*EXERCISE*:
Take the lines below between the one holding "assert (0 < r" and the one holding "pose proof eta_pos. pose proof eta2_bound.", inclusive, and copy them exactly. Add nothing.

*PROVIDED RECORDS*:
Lemma eta2_loop_offset :
  2 * r ^ 3 + P * (Gf / L) + P * q * (2 * r ^ 3) + P * q * P * V + P * V <= 3 * r ^ 3.
Proof.
  pose proof P_bound as hP. pose proof q_bound as hq. pose proof V_bound. pose proof Gf_bound. pose proof L_ge.
  assert (0 < r ^ 4) by (apply pow_lt; lra). pose proof (pow_lt r 3 hr).
  assert (h1 : P * (Gf / L) <= r ^ 3 * (3 / 1000 / L)).
  { eapply Rle_trans; [apply (Rmult_le_compat_pos _ _ (3 * r ^ 4 / L) (L / (1000 * r) / L)) |].
    - exact hP.
    - split; [apply Rdiv_le_0_compat; [pose proof (Rabs_pos f1) |]; lra |].
      apply (Rmult_le_compat_r (/ L)); [apply Rlt_le, Rinv_0_lt_compat |]; lra.
    - right. field. lra. }
  assert (h2 : P * q * (2 * r ^ 3) <= r ^ 3 * (24 / 1000 / L)).
  { eapply Rle_trans; [apply (Rmult_le_compat_pos _ _ (3 * r ^ 4 / L * (4 / (1000 * r ^ 4))) (2 * r ^ 3)) |].
    - split; [apply Rmult_le_pos |]; [lra | lra | apply Rmult_le_compat_pos; lra].
    - lra.
    - right. field. lra. }
  assert (h3 : P * V <= r ^ 3 * (96 / 1000)).
  { eapply Rle_trans; [apply (Rmult_le_compat_pos _ _ (3 * r ^ 4 / L) (32 * L / (1000 * r))); lra |].
    right. field. lra. }
  assert (h4 : P * q * P * V <= r ^ 3 * (12 * 96 / 10 ^ 6 / L)).
  { replace (P * q * P * V) with ((P * q) * (P * V)) by ring.
    eapply Rle_trans; [apply (Rmult_le_compat_pos _ _ (3 * r ^ 4 / L * (4 / (1000 * r ^ 4))) (r ^ 3 * (96 / 1000))) |].
    - split; [apply Rmult_le_pos |]; [lra | lra | apply Rmult_le_compat_pos; lra].
    - split; [apply Rmult_le_pos |]; lra.
    - right. field. lra. }
  pose proof (const_r3_le (3 / 1000) r L hr ltac:(lra) ltac:(lra)).
  pose proof (const_r3_le (24 / 1000) r L hr ltac:(lra) ltac:(lra)).
  pose proof (const_r3_le (12 * 96 / 10 ^ 6) r L hr ltac:(lra) ltac:(lra)).
  lra.
Qed.

Lemma eta2_bound : Rabs eta2 <= 4 * r ^ 3.
Proof.
  pose proof (pow_lt r 3 hr).
  exact (self_bound _ _ _ (r ^ 3) eta2_loop_gain ltac:(lra) eta2_loop eta2_loop_offset).
Qed.

Lemma second_estimate :
  4 * f * (32 / m / r ^ 2) * (eta2 / eta) * u2
    >= - (4 * 4 * f * (32 / m / r ^ 2) * (r ^ 4 / eta) * (Rabs u2 / r)).
Proof.
  pose proof eta_pos. pose proof eta2_bound.
  assert (hk : 0 <= 4 * f * (32 / m / r ^ 2) / eta)
    by (apply Rdiv_le_0_compat; [apply Rmult_le_pos; [lra | apply Rdiv_le_0_compat; [apply Rdiv_le_0_compat |]; try apply pow_lt; lra] | lra]).
  replace (4 * f * (32 / m / r ^ 2) * (eta2 / eta) * u2) with (4 * f * (32 / m / r ^ 2) / eta * (eta2 * u2))
    by (field; lra).
  replace (- (4 * 4 * f * (32 / m / r ^ 2) * (r ^ 4 / eta) * (Rabs u2 / r)))
    with (4 * f * (32 / m / r ^ 2) / eta * (- (4 * r ^ 3 * Rabs u2))) by (field; lra).
  apply Rle_ge, Rmult_le_compat_l; [exact hk |].
  assert (Rabs (eta2 * u2) <= 4 * r ^ 3 * Rabs u2) by (apply Rabs_mult_le; [lra | apply Rle_refl]).
  pose proof (Rle_abs (- (eta2 * u2))). rewrite Rabs_Ropp in *. lra.
Qed.

End SecondEstimate.

Section ThirdEstimate.

Variables (m f1 f2 f12 a1 a2 c1 c2 bxx byy eta2 : R).
Hypotheses (hm : 0 < m) (hmf : m <= f)
  (hF1 : f1 = a1 * l + L * c1) (hF2 : f2 = a2 * l + L * c2)
  (hf12 : f12 = bxx * l + a1 * c2 + a2 * c1 + L * byy - 2 * c1 * a2)
  (heta2 : eta2 = -2 * Y * (r ^ 2 - X ^ 2) + 2 * c1 * K / w).

Let B := r ^ 2 - X ^ 2.
Let q1 := 2 * X + 2 * X * Y * a2 / w.
Let q2 := 2 * X * Y * c1 / w.
Let Zf := f * r ^ 6 / (eta * L).
Let al := eta / (32 * L).
Let be := eta * f / (16 * L ^ 3).

Ltac bounds :=
  pose proof L_ge; pose proof l_pos; pose proof l_eq; pose proof eta_pos; pose proof eta_le;
  pose proof rho_pos; pose proof rho_le; pose proof rho_sq_le; pose proof rho4_le; pose proof w_ge;
  pose proof abs_X_le; pose proof abs_Y_le; pose proof abs_D_le; pose proof abs_K_le;
  pose proof (pow_lt r 2 hr); pose proof (pow_lt r 3 hr); pose proof (pow_lt r 4 hr);
  pose proof (pow2_ge_0 rho); pose proof H_pos.

(* [expand_eta_second] splits [4 (l eta_11 + L eta_22)] into terms; each [lb_T]
   below bounds the term [T] from below by pieces of [eta] times the right-hand
   side of [third_estimate].  [al] and [be] are the shares of the [a2 ^ 2] and
   [a1 ^ 2] terms handed out through Young's inequality. *)
Lemma expand_eta_second :
  4 * (l * eta_xx_diag r X Y w (a1 - c1) a2 bxx + L * eta_yy_diag r X Y w (a2 - c2) c1 byy) =
    -8 * B * L - 8 * B * l + 8 * l * D + 8 * K * f12 / w + 8 * K * (a2 * c1 - a1 * c2) / w
    + 16 * l * a2 * Y * D / w - 16 * l * a2 * (a1 - c1) * K / w ^ 2 + 8 * l * a2 ^ 2 * D ^ 2 / w ^ 2
    + 16 * L * c1 * X * D / w - 16 * L * c1 * (a2 - c2) * K / w ^ 2 + 8 * L * c1 ^ 2 * D ^ 2 / w ^ 2
    + 16 * X * l * q1 + 16 * Y * L * q2 - 8 * l * q1 ^ 2 - 8 * L * q2 ^ 2.
Proof.
  pose proof L_ge. pose proof w_ge.
  assert (hbyy : byy = (f12 - bxx * l - a1 * c2 - a2 * c1 + 2 * c1 * a2) / L) by (rewrite hf12; field; lra).
  unfold eta_xx_diag, eta_yy_diag, q1, q2, K, D, B. rewrite hbyy. field. lra.
Qed.


Lemma al_pos : 0 < al.
Proof. bounds. unfold al. apply Rdiv_lt_0_compat; lra. Qed.

Lemma be_pos : 0 < be.
Proof. bounds. unfold be. apply Rdiv_lt_0_compat; [nra | apply Rmult_lt_0_compat; [| apply pow_lt]; lra]. Qed.

Lemma Zf_nonneg : 0 <= Zf.
Proof. bounds. unfold Zf. apply Rdiv_le_0_compat; [apply Rmult_le_pos; [| apply pow_le]; lra | nra]. Qed.

Lemma lb_Bl : - (8 * f * r ^ 2 / L) <= -8 * B * l.
Proof.
  bounds. replace (8 * f * r ^ 2 / L) with (8 * r ^ 2 * l) by (rewrite l_eq; field; lra).
  unfold B. pose proof (pow2_ge_0 X). nra.
Qed.

Lemma lb_lD : - (8 * f * r ^ 2 / L) <= 8 * l * D.
Proof.
  bounds. replace (8 * f * r ^ 2 / L) with (8 * r ^ 2 * l) by (rewrite l_eq; field; lra).
  pose proof (Rle_abs (- D)). rewrite Rabs_Ropp in *. nra.
Qed.

Lemma lb_Kf12 : - (16 * Rabs f12 * r ^ 4 / L) <= 8 * K * f12 / w.
Proof.
  bounds. replace (8 * K * f12 / w) with ((8 * rho / L) * (K * f12)) by (unfold rho; field; lra).
  apply (lb_of_Rabs_le_le _ _ (r ^ 4 * Rabs f12)); [apply Rdiv_le_0_compat; lra | apply Rabs_mult_le; lra |].
  replace (8 * rho / L * (r ^ 4 * Rabs f12)) with (8 * rho * (r ^ 4 * Rabs f12 / L)) by (field; lra).
  replace (16 * Rabs f12 * r ^ 4 / L) with (16 * (r ^ 4 * Rabs f12 / L)) by (field; lra).
  apply Rmult_le_compat_r; [apply Rdiv_le_0_compat; [apply Rmult_le_pos; [| apply Rabs_pos] |] |]; lra.
Qed.

Lemma lb_Kcross :
  - (al * a2 ^ 2 + 3 * Rabs f1 ^ 2 * r ^ 4 / L)
  - (2 * be * a1 ^ 2 + 256 * Rabs f2 ^ 2 * r ^ 8 / (eta * L * f))
    <= 8 * K * (a2 * c1 - a1 * c2) / w.
Proof.
  bounds. pose proof small_r4LH. pose proof al_pos. pose proof be_pos.
  replace (8 * K * (a2 * c1 - a1 * c2) / w)
    with ((8 * rho / L ^ 2 * (K * f1)) * a2 + (8 * rho / L ^ 2 * (- (K * f2))) * a1)
    by (rewrite (solve_det_deriv _ _ _ hF1), (solve_det_deriv _ _ _ hF2); unfold rho; field; lra).
  apply Rplus_le_compat.
  - apply (young_lb_le _ (8 * rho / L ^ 2 * (r ^ 4 * Rabs f1))); [| exact al_pos |].
    + apply Rabs_scal_le; [apply Rdiv_le_0_compat; [| apply pow_lt] |]; [lra | lra | apply Rabs_mult_le; lra].
    + replace ((8 * rho / L ^ 2 * (r ^ 4 * Rabs f1)) ^ 2 / (4 * al))
        with (512 * (rho ^ 2 * (r ^ 4 / (L * H))) * (Rabs f1 ^ 2 * r ^ 4 / L)) by (unfold al, H; field; lra).
      replace (3 * Rabs f1 ^ 2 * r ^ 4 / L) with (3 * (Rabs f1 ^ 2 * r ^ 4 / L)) by (field; lra).
      apply Rmult_le_compat_r; [apply Rdiv_le_0_compat; [apply Rmult_le_pos; [apply pow2_ge_0 |] |] ; lra |].
      assert (0 <= r ^ 4 / (L * H))
        by (apply Rdiv_le_0_compat; [lra | apply Rmult_lt_0_compat; [| unfold H; apply Rmult_lt_0_compat]; lra]).
      assert (rho ^ 2 * (r ^ 4 / (L * H)) <= 103 / 100 * (1 / 1000000))
        by (apply Rmult_le_compat_pos; split; lra).
      lra.
  - apply (young_lb_le _ (8 * rho / L ^ 2 * (r ^ 4 * Rabs f2))); [| nra |].
    + apply Rabs_scal_le; [apply Rdiv_le_0_compat; [| apply pow_lt] |]; [lra | lra |].
      rewrite Rabs_Ropp. apply Rabs_mult_le; lra.
    + replace ((8 * rho / L ^ 2 * (r ^ 4 * Rabs f2)) ^ 2 / (4 * (2 * be)))
        with (128 * rho ^ 2 * (Rabs f2 ^ 2 * r ^ 8 / (eta * L * f))) by (unfold be; field; repeat split; lra).
      replace (256 * Rabs f2 ^ 2 * r ^ 8 / (eta * L * f)) with (256 * (Rabs f2 ^ 2 * r ^ 8 / (eta * L * f)))
        by (field; repeat split; lra).
      apply Rmult_le_compat_r; [| lra].
      apply Rdiv_le_0_compat; [apply Rmult_le_pos; [apply pow2_ge_0 | apply pow_le; lra] | nra].
Qed.

Lemma lb_la2YD : - (al * a2 ^ 2 + 2304 * Zf) <= 16 * l * a2 * Y * D / w.
Proof.
  bounds. pose proof small_fL2. pose proof Zf_nonneg.
  replace (16 * l * a2 * Y * D / w) with ((16 * f * rho / L ^ 2 * (Y * D)) * a2)
    by (rewrite l_eq; unfold rho; field; lra).
  apply (young_lb_le _ (16 * f * rho / L ^ 2 * r ^ 3)); [| exact al_pos |].
  - apply Rabs_scal_le; [apply Rdiv_le_0_compat; [| apply pow_lt]; nra | exact abs_YD_le].
  - replace ((16 * f * rho / L ^ 2 * r ^ 3) ^ 2 / (4 * al)) with (2048 * (rho ^ 2 * (f / L ^ 2)) * Zf)
      by (unfold al, Zf; field; lra).
    apply Rmult_le_compat_r; [exact Zf_nonneg |].
    assert (0 <= f / L ^ 2) by (apply Rdiv_le_0_compat; [| apply pow_lt]; lra).
    assert (rho ^ 2 * (f / L ^ 2) <= 103 / 100 * (1 / 1000000)) by (apply Rmult_le_compat_pos; split; lra).
    lra.
Qed.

*TASK RESULT*:
  assert (0 < r ^ 4) by (apply pow_lt; lra). pose proof (pow_lt r 3 hr).
  assert (h1 : P * (Gf / L) <= r ^ 3 * (3 / 1000 / L)).
  { eapply Rle_trans; [apply (Rmult_le_compat_pos _ _ (3 * r ^ 4 / L) (L / (1000 * r) / L)) |].
    - exact hP.
    - split; [apply Rdiv_le_0_compat; [pose proof (Rabs_pos f1) |]; lra |].
      apply (Rmult_le_compat_r (/ L)); [apply Rlt_le, Rinv_0_lt_compat |]; lra.
    - right. field. lra. }
  assert (h2 : P * q * (2 * r ^ 3) <= r ^ 3 * (24 / 1000 / L)).
  { eapply Rle_trans; [apply (Rmult_le_compat_pos _ _ (3 * r ^ 4 / L * (4 / (1000 * r ^ 4))) (2 * r ^ 3)) |].
    - split; [apply Rmult_le_pos |]; [lra | lra | apply Rmult_le_compat_pos; lra].
    - lra.
    - right. field. lra. }
  assert (h3 : P * V <= r ^ 3 * (96 / 1000)).
  { eapply Rle_trans; [apply (Rmult_le_compat_pos _ _ (3 * r ^ 4 / L) (32 * L / (1000 * r))); lra |].
    right. field. lra. }
  assert (h4 : P * q * P * V <= r ^ 3 * (12 * 96 / 10 ^ 6 / L)).
  { replace (P * q * P * V) with ((P * q) * (P * V)) by ring.
    eapply Rle_trans; [apply (Rmult_le_compat_pos _ _ (3 * r ^ 4 / L * (4 / (1000 * r ^ 4))) (r ^ 3 * (96 / 1000))) |].
    - split; [apply Rmult_le_pos |]; [lra | lra | apply Rmult_le_compat_pos; lra].
    - split; [apply Rmult_le_pos |]; lra.
    - right. field. lra. }
  pose proof (const_r3_le (3 / 1000) r L hr ltac:(lra) ltac:(lra)).
  pose proof (const_r3_le (24 / 1000) r L hr ltac:(lra) ltac:(lra)).
  pose proof (const_r3_le (12 * 96 / 10 ^ 6) r L hr ltac:(lra) ltac:(lra)).
  lra.
Qed.

Lemma eta2_bound : Rabs eta2 <= 4 * r ^ 3.
Proof.
  pose proof (pow_lt r 3 hr).
  exact (self_bound _ _ _ (r ^ 3) eta2_loop_gain ltac:(lra) eta2_loop eta2_loop_offset).
Qed.

Lemma second_estimate :
  4 * f * (32 / m / r ^ 2) * (eta2 / eta) * u2
    >= - (4 * 4 * f * (32 / m / r ^ 2) * (r ^ 4 / eta) * (Rabs u2 / r)).
Proof.
  pose proof eta_pos. pose proof eta2_bound.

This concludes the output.